New Bard Feature | Microsoft Messed Up

Hey folks. Microsoft pulled a pretty spectacular own goal a few days ago when it accidentally leaked gigabytes of documents that shed light on the way it makes several varieties of sausage. If you want to see outlines of the next Xbox console or communications between Microsoft executives who are plotting a hostile takeover of Nintendo, all you need to do is head to Google and start searching for that stuff. So many Microsoft documents got leaked that journalists haven’t combed through all of them yet. This VentureBeat article from a few hours ago covers a lot of the juicy revelations that are already known, but there are surely more headlines to come.

One reason why Microsoft’s unintentional data leak is so amusing (aside from the fact that it comes from a division that barely affects its top-line revenue: Xbox) is because Microsoft rarely needs to deal with them. It holds a patent called Watermark to identify leak source, a system that imprints imperceptible watermarks onto all of its files so a culprit can be identified if screenshots of its internal documents find their way to the public. This leak happened because PDF files with improper permissions settings were submitted as evidence for a lawsuit the FTC filed to stop Microsoft from acquiring Activision, the company behind the wildly popular Call of Duty video game series.

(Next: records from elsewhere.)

Theorem theorem2
  (N m : nat) (HN : (1 < N)%nat) (Hm : (1 < m)%nat)
  (B : R) (HB : 1 <= B)
  (n : nat) (Hn : (1 <= n)%nat)
  (x : nat -> nat) (Hx : forall j, (1 <= j <= n)%nat -> (x j < N)%nat)
  (P : nat -> nat -> nat -> R)
  (HP : forall k, (1 <= k <= n)%nat -> prob_matrix N m (Rpower 2 (- B)) (P k))
  (proj : (nat -> R) -> (nat -> R)) (Hproj : is_simplex_proj m proj)
  (Glin Ggeo : (nat -> R) -> (nat -> nat -> R) -> nat -> nat -> R)
  (HGlin : is_grad N m (Rpower 2 (- B)) (lin m) Glin)
  (HGgeo : is_grad N m (Rpower 2 (- B)) (geo N m) Ggeo)
  (w1 : nat -> R) (Hw1 : simplex m w1) :
  (forall s t, segmentation n s t ->
     ogd_len (lin m) Glin proj w1 (8 * B / (17 * INR m * Rpower 4 B)) x P n
     <= 2 * seg_best m x P s t + 17 * INR m * INR s * Rpower 4 B / (4 * B)) /\
  (forall s t, segmentation n s t ->
     ogd_len (lin m) Glin proj w1 (8 * B / sqrt (INR n) / (17 * INR m * Rpower 4 B)) x P n
     <= seg_best m x P s t + 35 * INR m * INR s * Rpower 4 B / (4 * B) * sqrt (INR n)) /\
  (forall s t, segmentation n s t ->
     ogd_len (geo N m) Ggeo proj w1 (10 / (7 * INR m * B ^ 2)) x P n
     <= 2 * seg_best m x P s t + 7 * INR m * INR s * B ^ 2 / 5) /\
  (forall s t, segmentation n s t ->
     ogd_len (geo N m) Ggeo proj w1 (10 / sqrt (INR n) / (7 * INR m * B ^ 2)) x P n
     <= seg_best m x P s t + 19 * INR m * INR s * B ^ 2 / 10 * sqrt (INR n)).
Proof.
  repeat split; intros s t Hseg.
  - eapply (lin_ogd_const_rate N m B); eassumption.
  - eapply (lin_ogd_sqrt_rate N m B); eassumption.
  - eapply (geo_ogd_const_rate N m B); eassumption.
  - eapply (geo_ogd_sqrt_rate N m B); eassumption.
Qed.
Lemma two_colours (a b u w z : 'I_4) : a != b ->
  u \notin [set a; b] -> w \notin [set a; b] -> z \notin [set a; b] ->
  u != w -> w != z -> u = z.
Proof.
move=> ab; rewrite !inE !negb_or => /andP[ua ub] /andP[wa wb] /andP[za zb] uw wz.
have full : a |: (b |: (u |: [set w])) = setT.
  apply/eqP; rewrite eqEcard subsetT cardsT card_ord !cardsU1 cards1 !inE.
  by rewrite (negbTE ab) !(eq_sym a) !(eq_sym b) (negbTE ua) (negbTE wa)
             (negbTE ub) (negbTE wb) uw.
have := in_setT z; rewrite -full !inE (negbTE za) (negbTE zb) (eq_sym z w) (negbTE wz).
by rewrite orbF => /eqP.
Qed.

(* Two vertices complete to C get the same colour in any proper 4-colouring:
   otherwise the odd cycle C would be coloured with the two remaining
   colours. *)
Lemma complete_same_colour c (S : {set T}) (f : T -> 'I_4) y z :
  cycle5 e c -> proper_on e S f -> (forall i, c i \in S) -> y \in S -> z \in S ->
  (forall i, e y (c i)) -> (forall i, e z (c i)) -> f y = f z.
Proof.
move=> c_cycle fP cS yS zS y_full z_full; apply/eqP; apply: contraT => n_yz.
have avoid i : f (c i) \notin [set f y; f z].
  by rewrite !inE negb_or !(eq_sym (f (c i))) fP ?fP.
have adj i j : C5_rel i j -> f (c i) != f (c j).
  by move=> ij; apply: fP; rewrite ?c_cycle.
have f02 := two_colours n_yz (avoid 0%R) (avoid 1%R) (avoid 2%R)
  (adj 0%R 1%R isT) (adj 1%R 2%R isT).
have f24 := two_colours n_yz (avoid 2%R) (avoid 3%R) (avoid 4%R)
  (adj 2%R 3%R isT) (adj 3%R 4%R isT).
by have := adj 4%R 0%R isT; rewrite -f24 -f02 eqxx.
Qed.

Lemma boundary_notin (K : {set T}) y : y \in boundary e K -> y \notin K.
Proof. by rewrite inE => /andP []. Qed.

Hypothesis e_sym : symmetric e.

(* Gluing: colour K by a permutation of psi and the rest of G by phi.  This
   works when the boundary of K is complete to K and monochromatic under phi,
   since then the permuted colours of K can be made to avoid that colour. *)
Lemma glue_colourings k (K : {set T}) (phi psi : T -> 'I_k) :
  proper_on e (~: K) phi -> proper_on e (K :|: boundary e K) psi ->
  {in boundary e K, forall y, {in K, forall x, e y x}} ->
  {in boundary e K &, forall y z, phi y = phi z} ->
  colorable_on e setT k.
Proof.
move=> phiP psiP bd_full bd_mono.
have [s s_avoid] : exists s : {perm 'I_k},
    forall x y, x \in K -> y \in boundary e K -> s (psi x) != phi y.
  case: (set_0Vmem (boundary e K)) => [-> | [y0 y0B]].
    by exists 1%g => x y _; rewrite inE.
  exists (tperm (psi y0) (phi y0)) => x y xK yB.
  rewrite (bd_mono y y0) // -{2}(tpermL (psi y0) (phi y0)) (inj_eq perm_inj).
  by apply: psiP; rewrite ?in_setU ?xK ?y0B ?orbT // e_sym bd_full.
have to_boundary x y : x \in K -> y \notin K -> e x y -> y \in boundary e K.
  by move=> xK yK xy; rewrite inE yK; apply/existsP; exists x; rewrite xK.
exists (fun x => if x \in K then s (psi x) else phi x) => x y _ _ xy.
case: ifPn => xK; case: ifPn => yK.
- by rewrite (inj_eq perm_inj); apply: psiP; rewrite ?in_setU ?xK ?yK.
- exact: s_avoid xK (to_boundary _ _ xK yK xy).
- by rewrite eq_sym s_avoid // (to_boundary y) // e_sym.
- by apply: phiP; rewrite ?in_setC.
Qed.

End Colourings.

Section FarComponent.
Variables (T : finType) (e : rel T) (c : 'I_5 -> T) (v : T).
Hypotheses (e_sym : symmetric e) (e_irr : irreflexive e).
Hypotheses (P5_free : H_free P5_rel e) (chair_free : H_free chair_rel e).
Hypotheses (c_cycle : cycle5 e c) (v_far : anticomplete e c v).

Local Notation S0 := (far_set e c).
Local Notation K := (component e S0 v).

Lemma far_setP x : reflect (anticomplete e c x) (x \in S0).
Proof. by rewrite inE; apply: forallP. Qed.

Lemma v_in_S0 : v \in S0.
Proof. exact/far_setP. Qed.

Lemma component_far x : x \in K -> anticomplete e c x.
Proof. by move=> /(component_sub v_in_S0) /far_setP. Qed.

(* A boundary vertex y of K lies outside S0, so it sees C; as it is adjacent
   to a vertex of K, it is complete to C. *)
Lemma boundary_complete_to_cycle y : y \in boundary e K -> forall i, e y (c i).
Proof.
rewrite inE => /andP [yK /existsP [x /andP [xK xy]]].
have : y \notin S0.
  by apply: contra yK => yS; apply: (component_exit v_in_S0 xK yS xy).
rewrite /far_set inE negb_forall => /existsP [i]; rewrite negbK => yi.
exact: (complete_to_cycle e_sym e_irr P5_free chair_free xy c_cycle (component_far xK) yi).
Qed.

(* A boundary vertex of K is complete to K: adjacency to y is invariant along
   the edges of G[S0], by the spreading property of vertices complete to C. *)
Lemma boundary_complete_to_component :
  {in boundary e K, forall y, {in K, forall x, e y x}}.
Proof.
move=> y yB; have y_full := boundary_complete_to_cycle yB.
move: (yB); rewrite inE => /andP [_ /existsP [x0 /andP [x0K x0y]]].
have spread x z : x \in S0 -> z \in S0 -> e x z -> e y x = e y z.
  move=> /far_setP x_far /far_setP z_far xz; apply/idP/idP => [yx | yz].
    exact: (complete_spreads e_sym e_irr chair_free c_cycle y_full x_far z_far yx xz).
  by apply: (complete_spreads e_sym e_irr chair_free c_cycle y_full z_far x_far yz);
    rewrite e_sym.
move=> x xK; rewrite -(component_const spread x0K xK) e_sym //.
Qed.

End FarComponent.

Theorem mainTheorem4 (T : finType) (e : rel T) (c : 'I_5 -> T) :
  simple_graph e ->
  vertex_critical e 5 ->
  H_free P5_rel e ->
  H_free chair_rel e ->
  injective c ->
  (forall i j, e (c i) (c j) = C5_rel i j) ->
  forall v : T, (forall i, v != c i) -> exists i, e v (c i).
Proof.
move=> [e_sym e_irr] [[_ not_4colourable] critical] P5_free chair_free _ c_cycle v _.
case: (boolP [exists i, e v (c i)]) => [/existsP // | /existsPn v_far].
exfalso; apply: (not_4colourable 4 isT).
pose K := component e (far_set e c) v.
have bd_C := boundary_complete_to_cycle e_sym e_irr P5_free chair_free c_cycle v_far.
have K_far x : x \in K -> anticomplete e c x by apply: component_far.
have C_off_K i : c i \notin K.
  by apply/negP => /K_far /(anticomplete_off_cycle c_cycle) /(_ i); rewrite eqxx.
have [phi phiP] := four_colouring (critical v).
have [psi psiP] := four_colouring (critical (c 0%R)).
have phiK : proper_on e (~: K) phi.
  apply: proper_onS phiP; apply/subsetP => x; rewrite in_setC in_setD1 in_setT andbT.
  by apply: contra => /eqP ->; apply: component_root.
apply: (glue_colourings e_sym phiK (psi := psi)).
- apply: proper_onS psiP; apply/subsetP => x; rewrite in_setU in_setD1 in_setT andbT.
  case/orP => [/K_far x_far | /bd_C x_full].
    exact: (anticomplete_off_cycle c_cycle x_far).
  by apply/eqP => x_c0; move: (x_full 0%R); rewrite x_c0 e_irr.
- exact: (boundary_complete_to_component e_sym e_irr P5_free chair_free c_cycle v_far).
- move=> y z yB zB; apply: (complete_same_colour c_cycle phiK); try exact: bd_C.
  + by move=> i; rewrite in_setC C_off_K.
  + by rewrite in_setC (boundary_notin yB).
  + by rewrite in_setC (boundary_notin zB).
Qed.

All of this goes to show that the enormous, powerful corporations we need to deal with as marketers are made up of humans who are every bit as capable of making mistakes as the rest of us. Next time you start beating yourself up because you forgot to optimize the EXIF data for an image in one of your clients’ Google Business Profile posts, find some comfort in the fact that you’re not jeopardizing thousands of careers and won’t be subject to media humiliation.

Google launched Bard Extensions (for English speakers) on Tuesday. It doesn’t yet interact with Google Business Profile, but it can be used to grab information from Google Maps (as well as Gmail, Docs, Drive, YouTube, Google Flights, and Hotels). The unfortunate thing is that the promotional video they made to show Bard Extensions in action doesn’t feature a Google Maps use case. The announcement page on Google’s blog only talks about using Bard to get driving directions to the Grand Canyon.

Bard didn’t seem reliable the last time we played around with it, but that was months ago. These large language models supposedly improve at a logarithmic rate, so there’s a good chance that it’s much better now than it was back in May. What we can’t wait for is the day you can just say “create a GBP event post that announces a 25% off sale from 4 PM on Friday through close of business on Sunday” to a voice assistant, especially if such a command would also trigger the creation of an appropriate, optimally-geotagged, AI-generated image to include with it. That would be sweet.

We came across a pretty fascinating study that looks into Gen X consumers. We had to join some mailing lists to get the 17-page PDF file with its findings, but now you don’t have to because you can click this direct link to download it yourselves.

The key finding of the study is that almost no one is marketing to Gen X, but everyone should be. Gen X (roughly people aged 45 to 60) is on the verge of becoming the richest generation ever. It’s in the midst of receiving $70 trillion in Baby Boomer wealth. Half the members of Gen X have TikTok accounts (more than Millennials) and 92% of Gen Xers use some form of social media every day (also more than Millennials). Here’s the thing. Only 13% of Gen X feels like they’re ever being marketed to.

We realize that some of our readers have age-independent marketing. It doesn’t seem logical for plumbers to post something like “Hey Guns N’ Roses fans: call us when your toilet’s clogged” on Google Maps. For many other people reading this newsletter (especially those of you who dabble in influencer marketing), it probably makes a world of sense to start targeting Gen X. It’s at least worth trying.

Anyway, the study is eye-opening. We barely scratched the surface of the statistics it throws at its readers. Here’s the link again if you didn’t click it the first time.

We have more work to get to today, so here are some links to close things out. It’s Stuff Your E-Reader Day. You can get a ton of ebooks for $0 in all the popular formats until midnight. It’s a marketing scheme because most of the free offerings are the first books of various romance series. In fact, Romance Bookworms has a long list of the available titles if anyone wants to browse through them.

Mel Gibson has a new show and it’s not an obscure, artistic offering from an indie studio. It premiers on Peacock today. The show is called The Continental and it takes place in the John Wick universe. This isn’t really a marketing-related link per se (or at all), but we’re so surprised by everything in this paragraph that we felt like passing the information along.

Finally, people are watching pirated movies, one short clip at a time on TikTok. We can’t imagine a viewing experience worse than clicking through 86 separate videos on a cell phone to get through Barbie, but hey– people are out there doing it. The Wall Street Journal shed some light on this phenomenon earlier this week.

That’s all for this week. Enjoy your last day of summer. We’ll see you again in autumn.